Revision of the Unicompartmental Knee Replacement - Dushan Atkinson 25/9/2008

10 year PubMed Literature Search 1998-2008

 

Keywords: Revision, Knee, Arthroplasty, Unicompartmental

 

Questions

What is the survival of UKRs?

Why/how do they fail?

Are they more complex then revising a TKR?

What are the long-term outcomes following revision to re-UKR or TKR?

What are the problems encountered during revision?

 

UKR Survival

 

 

1) UKR for primary osteoarthritis: a prospective follow-up study of 1,819 patients from the Finnish Arthroplasty Register. Koskinen et al. Acta Orthop. 2007 Feb;78(1):128-35

 

73% Kaplan-Meier survival of 10 yrs with revision as end-point

Oxfords 81%

MG II 79%

Duracon 78%

Younger patients (<65yrs) 1.5 x failure rate

 

2) Results of UKR at a minimum of ten years of follow-up

Berger et al.   J Bone Joint Surg Am. 2005 May;87(5):999-1006

 

62 consecutive UKRs (MG)

49 UKRs10 year f/u

HSS 92; 80% excellent, 12% good, 8% fair

2 revisions for progressive OA

No loosening or osteolysis at 10 yrs!

Kaplan-Meier 98% 10 yr; 95% 13 yr

 

3) The Oxford unicompartmental knee prosthesis: an independent 10-year survival analysis

Vorlat P, Knee Surg Sports Traumatol Arthrosc. 2006 Jan;14(1):40-5

 

149 UKRs 1988-1996. Mean f/u 6.5 yrs

16 revised

Cumulative survival 82% at 10 yrs

 

4) Unicompartmental or total knee arthroplasty?: Results from a matched study.

Amin, Clin Orthop Relat Res. 2006 Oct;451:101-6

 

54 consecutive UKRs and 54 TKRs. Matched

5 year survival 88% UKR; 100% TKR

TKR more reliable procedure.

Midterm clinical outcomes similar for both

Complication rate may be greater for UKR.

 

 

How/Why do Uni’s fail?

 

Usual early/late rates of infection with implants

Undercorrection of varus  => excessive load on prosthesis, loosening and failure

Malpositioning => tibial subluxation or patella impingement

Poly wear => bone defects (osteolysis) (less with mobile bearings)
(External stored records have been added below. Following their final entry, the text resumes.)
(* Let $(X,d)$ be a metric space, $f:X\to X$ a Borel measurable map and $\mu$ a Borel probability measure on $X$. Then $\mu$ is an expansive measure of $f$ (i.e., there is $\delta>0$ with $\mu(\Phi_\delta(x))=0$ for all $x\in X$) if and only if there is $\delta>0$ such that $\mu(\Phi_\delta(x))=0$ for $\mu$-almost every $x\in X$.
   Context: Here $\Phi_\delta(x)=\{y\in X: d(f^i(y),f^i(x))\le\delta \text{ for all } i\in\mathbb{N}\}$, $\mathbb{N}=\{0,1,2,\dots\}$. *)

From HB Require Import structures.
From mathcomp Require Import all_boot all_order all_algebra.
From mathcomp Require Import all_classical all_reals all_analysis.
Set Implicit Arguments. Unset Strict Implicit. Unset Printing Implicit Defensive.
Import Order.TTheory GRing.Theory Num.Theory.
Local Open Scope classical_set_scope.
Local Open Scope ring_scope.

Definition is_metric {R : realType} {T : Type} (dist : T -> T -> R) : Prop :=
  [/\ (forall x y, 0 <= dist x y),
      (forall x y, dist x y = 0 <-> x = y),
      (forall x y, dist x y = dist y x) &
      (forall x y z, dist x z <= dist x y + dist y z)].

Definition metric_open {R : realType} {T : Type} (dist : T -> T -> R) (U : set T) : Prop :=
  forall x, U x -> exists2 e : R, 0 < e & [set y | dist x y < e] `<=` U.

Definition Phi {R : realType} {T : Type} (dist : T -> T -> R) (f : T -> T)
  (delta : R) (x : T) : set T :=
  [set y | forall i : nat, dist (iter i f y) (iter i f x) <= delta].

Definition expansive_measure {R : realType} {dT : measure_display}
  {T : measurableType dT} (dist : T -> T -> R) (f : T -> T)
  (mu : {measure set T -> \bar R}) : Prop :=
  exists2 delta : R, 0 < delta & forall x, mu (Phi dist f delta x) = 0%E.

From HB Require Import structures.
From mathcomp Require Import all_boot all_order all_algebra.
From mathcomp Require Import all_classical all_reals all_analysis.
From mathcomp Require Import lra.
Set Implicit Arguments.
Unset Strict Implicit.
Unset Printing Implicit Defensive.
Import Order.TTheory GRing.Theory Num.Theory.
Local Open Scope classical_set_scope.
Local Open Scope ring_scope.

(** By the triangle inequality, any [y] in [Phi (delta/2) x] satisfies
    [Phi (delta/2) x `<=` Phi delta y].  So if [Phi delta y] is null for
    almost every [y], then each [Phi (delta/2) x] either meets a point [y]
    with [Phi delta y] null, and is null itself, or lies inside the
    exceptional null set. *)

Section Phi_metric.
Variables (R : realType) (T : Type) (dist : T -> T -> R) (f : T -> T).
Hypothesis dist_sym : forall x y, dist x y = dist y x.
Hypothesis dist_triangle : forall x y z, dist x z <= dist x y + dist y z.

Lemma Phi_half_sub (delta : R) (x y : T) :
  Phi dist f (delta / 2) x y ->
  Phi dist f (delta / 2) x `<=` Phi dist f delta y.
Proof.
move=> Pxy z Pxz i; apply: le_trans (dist_triangle _ (iter i f x) _) _.
by rewrite (dist_sym (iter i f x)) [delta](splitr delta) lerD.
Qed.

Lemma metric_open_dist_gt (c : T) (r : R) :
  metric_open dist [set y | r < dist y c].
Proof.
move=> y /= ry; exists (dist y c - r); first by rewrite subr_gt0.
by move=> z /=; have := dist_triangle y z c; lra.
Qed.

End Phi_metric.

Lemma measurable_fun_iter d (T : measurableType d) (f : T -> T) (n : nat) :
  measurable_fun setT f -> measurable_fun setT (iter n f).
Proof.
move=> mf; elim: n => [|n IHn] /=; first exact: measurable_id.
exact: measurableT_comp.
Qed.

Section Phi_measurable.
Variables (R : realType) (d : measure_display) (T : measurableType d).
Variables (dist : T -> T -> R) (f : T -> T).
Hypothesis dist_triangle : forall x y z, dist x z <= dist x y + dist y z.
Hypothesis measurable_open : @measurable d T = <<s metric_open dist >>.
Hypothesis mf : measurable_fun setT f.

Lemma measurable_closed_ball (c : T) (r : R) :
  measurable [set y | dist y c <= r].
Proof.
have -> : [set y | dist y c <= r] = ~` [set y | r < dist y c].
  by apply/seteqP; split => y /=; rewrite leNgt => /negP.
apply: measurableC; rewrite measurable_open; apply: sub_gen_smallest.
exact: metric_open_dist_gt.
Qed.

Lemma measurable_Phi (r : R) (x : T) : measurable (Phi dist f r x).
Proof.
have -> : Phi dist f r x =
    \bigcap_i (iter i f @^-1` [set y | dist y (iter i f x) <= r]).
  by apply/seteqP; split => y /= Py i => [_|]; apply: Py.
apply: bigcapT_measurable => i; rewrite -[X in measurable X]setTI.
by apply: measurable_fun_iter => //; exact: measurable_closed_ball.
Qed.

End Phi_measurable.

Lemma Phi_half_null (R : realType) d (T : measurableType d)
    (dist : T -> T -> R) (f : T -> T) (mu : {measure set T -> \bar R})
    (delta : R) :
  (forall x y, dist x y = dist y x) ->
  (forall x y z, dist x z <= dist x y + dist y z) ->
  (forall r x, measurable (Phi dist f r x)) ->
  {ae mu, forall y, mu (Phi dist f delta y) = 0%E} ->
  forall x, mu (Phi dist f (delta / 2) x) = 0%E.
Proof.
move=> dist_sym dist_triangle mPhi [N [mN muN bad_sub]] x.
apply/negligibleP => //.
have [[y Pxy Ny]|] := pselect (exists2 y, Phi dist f (delta / 2) x y & ~ N y).
  have muy : mu (Phi dist f delta y) = 0%E.
    by apply: contra_notP Ny; exact: bad_sub.
  apply: negligibleS (Phi_half_sub dist_sym dist_triangle Pxy) _.
  exact/negligibleP.
move=> noy; apply: negligibleS (_ : _ `<=` N) _; last exact/negligibleP.
by move=> z Pxz; apply: contrapT => Nz; apply: noy; exists z.
Qed.

Theorem lemma2p3 (R : realType) (dT : measure_display) (T : measurableType dT)
  (dist : T -> T -> R)
  (hmetric : is_metric dist)
  (hborel : @measurable dT T = <<s metric_open dist >>)
  (f : T -> T) (hf : measurable_fun setT f)
  (mu : probability T R) :
  expansive_measure dist f mu <->
  exists2 delta : R, 0 < delta &
    {ae mu, forall x, mu (Phi dist f delta x) = 0%E}.
Proof.
case: hmetric => _ _ dist_sym dist_triangle.
split=> [[delta delta_gt0 null_Phi]|[delta delta_gt0 ae_null_Phi]].
  by exists delta => //; apply: aeW.
exists (delta / 2); first by rewrite divr_gt0.
apply: Phi_half_null ae_null_Phi => // r x.
exact: measurable_Phi.
Qed.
Overcorrection of varus => accelerated lateral OA

Bearing dislocations (esp lateral Uni’s); Over-distraction of soft-tissues

 

5) Fixed or mobile bearing unicompartmental knee replacement? A comparative cohort study

Gleeson RE, Knee. 2004 Oct;11(5):379-84

 

47 Oxfords, 57 St Georg Sleds

2 yr functional scores similar

Pain scores better in SGS

4 Oxford revised at 3 yrs

3 SGS revised at 3.4 yrs

Mobile-bearing higher reoperation rate

 

6) Comparison of a mobile with a fixed-bearing unicompartmental knee implant

Emerson   Clin Orthop Relat Res. 2002 Nov;(404):62-70

 

51 fixed bearing; mean 7.7 yrs f/u

50 meniscal bearing; mean 6.8 yrs f/u

Fixed bearing survival 93% at 11 yrs

Mobile bearing survival 99% at 11 yrs

Fixed => tibial component failure

Mobile => trend of lateral OA  

 

Converting UKR’s to TKR’s

More difficult than performing primary TKR?

Results may be not as good as primary TKR?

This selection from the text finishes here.